▶ _TASK TO COMPLETE_
Copy all entries exactly.
══════════
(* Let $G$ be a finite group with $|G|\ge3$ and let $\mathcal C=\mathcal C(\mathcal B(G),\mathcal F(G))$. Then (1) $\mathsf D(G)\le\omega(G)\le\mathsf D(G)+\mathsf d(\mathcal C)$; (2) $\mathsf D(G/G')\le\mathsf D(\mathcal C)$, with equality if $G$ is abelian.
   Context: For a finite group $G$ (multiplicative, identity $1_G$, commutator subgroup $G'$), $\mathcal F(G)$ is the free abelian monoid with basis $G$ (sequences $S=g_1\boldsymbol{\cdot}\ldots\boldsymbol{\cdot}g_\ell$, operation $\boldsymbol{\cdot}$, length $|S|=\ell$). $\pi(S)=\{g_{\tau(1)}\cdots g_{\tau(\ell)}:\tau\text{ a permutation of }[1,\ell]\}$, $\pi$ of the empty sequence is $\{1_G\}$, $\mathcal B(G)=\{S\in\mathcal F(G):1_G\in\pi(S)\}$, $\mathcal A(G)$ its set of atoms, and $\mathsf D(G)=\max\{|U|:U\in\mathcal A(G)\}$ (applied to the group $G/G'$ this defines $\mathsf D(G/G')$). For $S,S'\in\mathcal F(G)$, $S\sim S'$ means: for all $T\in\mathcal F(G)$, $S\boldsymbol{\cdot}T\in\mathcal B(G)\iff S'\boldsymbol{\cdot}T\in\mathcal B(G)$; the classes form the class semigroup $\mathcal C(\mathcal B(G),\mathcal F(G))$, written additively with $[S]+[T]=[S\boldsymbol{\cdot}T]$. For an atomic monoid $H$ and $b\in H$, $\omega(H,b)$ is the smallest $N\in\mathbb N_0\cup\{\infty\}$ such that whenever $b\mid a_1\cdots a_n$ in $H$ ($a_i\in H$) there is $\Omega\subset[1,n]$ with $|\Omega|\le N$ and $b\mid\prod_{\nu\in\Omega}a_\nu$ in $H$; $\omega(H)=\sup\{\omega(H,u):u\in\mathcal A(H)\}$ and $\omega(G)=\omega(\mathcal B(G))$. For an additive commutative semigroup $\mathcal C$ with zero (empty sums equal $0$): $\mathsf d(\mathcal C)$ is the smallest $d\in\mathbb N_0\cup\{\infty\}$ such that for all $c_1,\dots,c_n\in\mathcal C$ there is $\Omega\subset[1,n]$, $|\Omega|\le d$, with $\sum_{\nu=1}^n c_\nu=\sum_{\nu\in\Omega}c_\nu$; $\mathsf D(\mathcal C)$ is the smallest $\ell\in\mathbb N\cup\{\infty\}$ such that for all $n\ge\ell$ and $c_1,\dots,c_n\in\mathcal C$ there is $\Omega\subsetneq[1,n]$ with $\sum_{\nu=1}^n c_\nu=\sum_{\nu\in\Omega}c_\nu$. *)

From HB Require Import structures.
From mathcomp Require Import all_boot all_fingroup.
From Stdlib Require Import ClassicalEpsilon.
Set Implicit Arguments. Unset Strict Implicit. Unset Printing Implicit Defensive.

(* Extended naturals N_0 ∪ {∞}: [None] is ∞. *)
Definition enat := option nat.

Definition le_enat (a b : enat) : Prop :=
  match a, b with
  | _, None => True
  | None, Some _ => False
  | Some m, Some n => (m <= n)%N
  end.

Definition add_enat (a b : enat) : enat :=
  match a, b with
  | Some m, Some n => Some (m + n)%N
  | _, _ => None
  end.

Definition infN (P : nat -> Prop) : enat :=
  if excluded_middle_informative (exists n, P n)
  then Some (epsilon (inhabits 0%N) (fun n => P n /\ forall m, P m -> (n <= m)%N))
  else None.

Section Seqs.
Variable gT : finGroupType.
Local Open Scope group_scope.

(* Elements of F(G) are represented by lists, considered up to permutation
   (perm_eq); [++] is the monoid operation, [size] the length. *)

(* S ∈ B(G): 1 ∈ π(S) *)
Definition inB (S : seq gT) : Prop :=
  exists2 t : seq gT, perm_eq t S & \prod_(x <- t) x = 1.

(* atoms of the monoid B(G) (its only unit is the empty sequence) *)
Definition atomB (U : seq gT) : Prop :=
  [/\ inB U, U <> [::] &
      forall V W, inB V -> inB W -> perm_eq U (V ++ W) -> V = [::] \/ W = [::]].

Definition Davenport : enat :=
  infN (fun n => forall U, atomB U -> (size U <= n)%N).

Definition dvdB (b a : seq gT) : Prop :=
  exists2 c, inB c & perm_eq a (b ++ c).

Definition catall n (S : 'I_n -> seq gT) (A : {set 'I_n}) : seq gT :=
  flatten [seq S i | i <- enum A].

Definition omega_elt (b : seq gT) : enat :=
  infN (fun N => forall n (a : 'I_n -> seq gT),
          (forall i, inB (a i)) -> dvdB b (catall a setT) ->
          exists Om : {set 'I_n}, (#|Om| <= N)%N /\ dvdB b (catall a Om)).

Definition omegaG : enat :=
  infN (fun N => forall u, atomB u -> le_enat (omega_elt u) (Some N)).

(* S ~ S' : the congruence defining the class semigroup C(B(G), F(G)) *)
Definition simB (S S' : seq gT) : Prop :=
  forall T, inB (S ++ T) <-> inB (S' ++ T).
══════════
▶ _EXERCISE SOLUTION_
(* Let $G$ be a finite group with $|G|\ge3$ and let $\mathcal C=\mathcal C(\mathcal B(G),\mathcal F(G))$. Then (1) $\mathsf D(G)\le\omega(G)\le\mathsf D(G)+\mathsf d(\mathcal C)$; (2) $\mathsf D(G/G')\le\mathsf D(\mathcal C)$, with equality if $G$ is abelian.
   Context: For a finite group $G$ (multiplicative, identity $1_G$, commutator subgroup $G'$), $\mathcal F(G)$ is the free abelian monoid with basis $G$ (sequences $S=g_1\boldsymbol{\cdot}\ldots\boldsymbol{\cdot}g_\ell$, operation $\boldsymbol{\cdot}$, length $|S|=\ell$). $\pi(S)=\{g_{\tau(1)}\cdots g_{\tau(\ell)}:\tau\text{ a permutation of }[1,\ell]\}$, $\pi$ of the empty sequence is $\{1_G\}$, $\mathcal B(G)=\{S\in\mathcal F(G):1_G\in\pi(S)\}$, $\mathcal A(G)$ its set of atoms, and $\mathsf D(G)=\max\{|U|:U\in\mathcal A(G)\}$ (applied to the group $G/G'$ this defines $\mathsf D(G/G')$). For $S,S'\in\mathcal F(G)$, $S\sim S'$ means: for all $T\in\mathcal F(G)$, $S\boldsymbol{\cdot}T\in\mathcal B(G)\iff S'\boldsymbol{\cdot}T\in\mathcal B(G)$; the classes form the class semigroup $\mathcal C(\mathcal B(G),\mathcal F(G))$, written additively with $[S]+[T]=[S\boldsymbol{\cdot}T]$. For an atomic monoid $H$ and $b\in H$, $\omega(H,b)$ is the smallest $N\in\mathbb N_0\cup\{\infty\}$ such that whenever $b\mid a_1\cdots a_n$ in $H$ ($a_i\in H$) there is $\Omega\subset[1,n]$ with $|\Omega|\le N$ and $b\mid\prod_{\nu\in\Omega}a_\nu$ in $H$; $\omega(H)=\sup\{\omega(H,u):u\in\mathcal A(H)\}$ and $\omega(G)=\omega(\mathcal B(G))$. For an additive commutative semigroup $\mathcal C$ with zero (empty sums equal $0$): $\mathsf d(\mathcal C)$ is the smallest $d\in\mathbb N_0\cup\{\infty\}$ such that for all $c_1,\dots,c_n\in\mathcal C$ there is $\Omega\subset[1,n]$, $|\Omega|\le d$, with $\sum_{\nu=1}^n c_\nu=\sum_{\nu\in\Omega}c_\nu$; $\mathsf D(\mathcal C)$ is the smallest $\ell\in\mathbb N\cup\{\infty\}$ such that for all $n\ge\ell$ and $c_1,\dots,c_n\in\mathcal C$ there is $\Omega\subsetneq[1,n]$ with $\sum_{\nu=1}^n c_\nu=\sum_{\nu\in\Omega}c_\nu$. *)

From HB Require Import structures.
From mathcomp Require Import all_boot all_fingroup.
From Stdlib Require Import ClassicalEpsilon.
Set Implicit Arguments. Unset Strict Implicit. Unset Printing Implicit Defensive.

(* Extended naturals N_0 ∪ {∞}: [None] is ∞. *)
Definition enat := option nat.

Definition le_enat (a b : enat) : Prop :=
  match a, b with
  | _, None => True
  | None, Some _ => False
  | Some m, Some n => (m <= n)%N
  end.

Definition add_enat (a b : enat) : enat :=
  match a, b with
  | Some m, Some n => Some (m + n)%N
  | _, _ => None
  end.

Definition infN (P : nat -> Prop) : enat :=
  if excluded_middle_informative (exists n, P n)
  then Some (epsilon (inhabits 0%N) (fun n => P n /\ forall m, P m -> (n <= m)%N))
  else None.

Section Seqs.
Variable gT : finGroupType.
Local Open Scope group_scope.

(* Elements of F(G) are represented by lists, considered up to permutation
   (perm_eq); [++] is the monoid operation, [size] the length. *)

(* S ∈ B(G): 1 ∈ π(S) *)
Definition inB (S : seq gT) : Prop :=
  exists2 t : seq gT, perm_eq t S & \prod_(x <- t) x = 1.

(* atoms of the monoid B(G) (its only unit is the empty sequence) *)
Definition atomB (U : seq gT) : Prop :=
  [/\ inB U, U <> [::] &
      forall V W, inB V -> inB W -> perm_eq U (V ++ W) -> V = [::] \/ W = [::]].

Definition Davenport : enat :=
  infN (fun n => forall U, atomB U -> (size U <= n)%N).

Definition dvdB (b a : seq gT) : Prop :=
  exists2 c, inB c & perm_eq a (b ++ c).

Definition catall n (S : 'I_n -> seq gT) (A : {set 'I_n}) : seq gT :=
  flatten [seq S i | i <- enum A].

Definition omega_elt (b : seq gT) : enat :=
  infN (fun N => forall n (a : 'I_n -> seq gT),
          (forall i, inB (a i)) -> dvdB b (catall a setT) ->
          exists Om : {set 'I_n}, (#|Om| <= N)%N /\ dvdB b (catall a Om)).

Definition omegaG : enat :=
  infN (fun N => forall u, atomB u -> le_enat (omega_elt u) (Some N)).

(* S ~ S' : the congruence defining the class semigroup C(B(G), F(G)) *)
Definition simB (S S' : seq gT) : Prop :=
  forall T, inB (S ++ T) <-> inB (S' ++ T).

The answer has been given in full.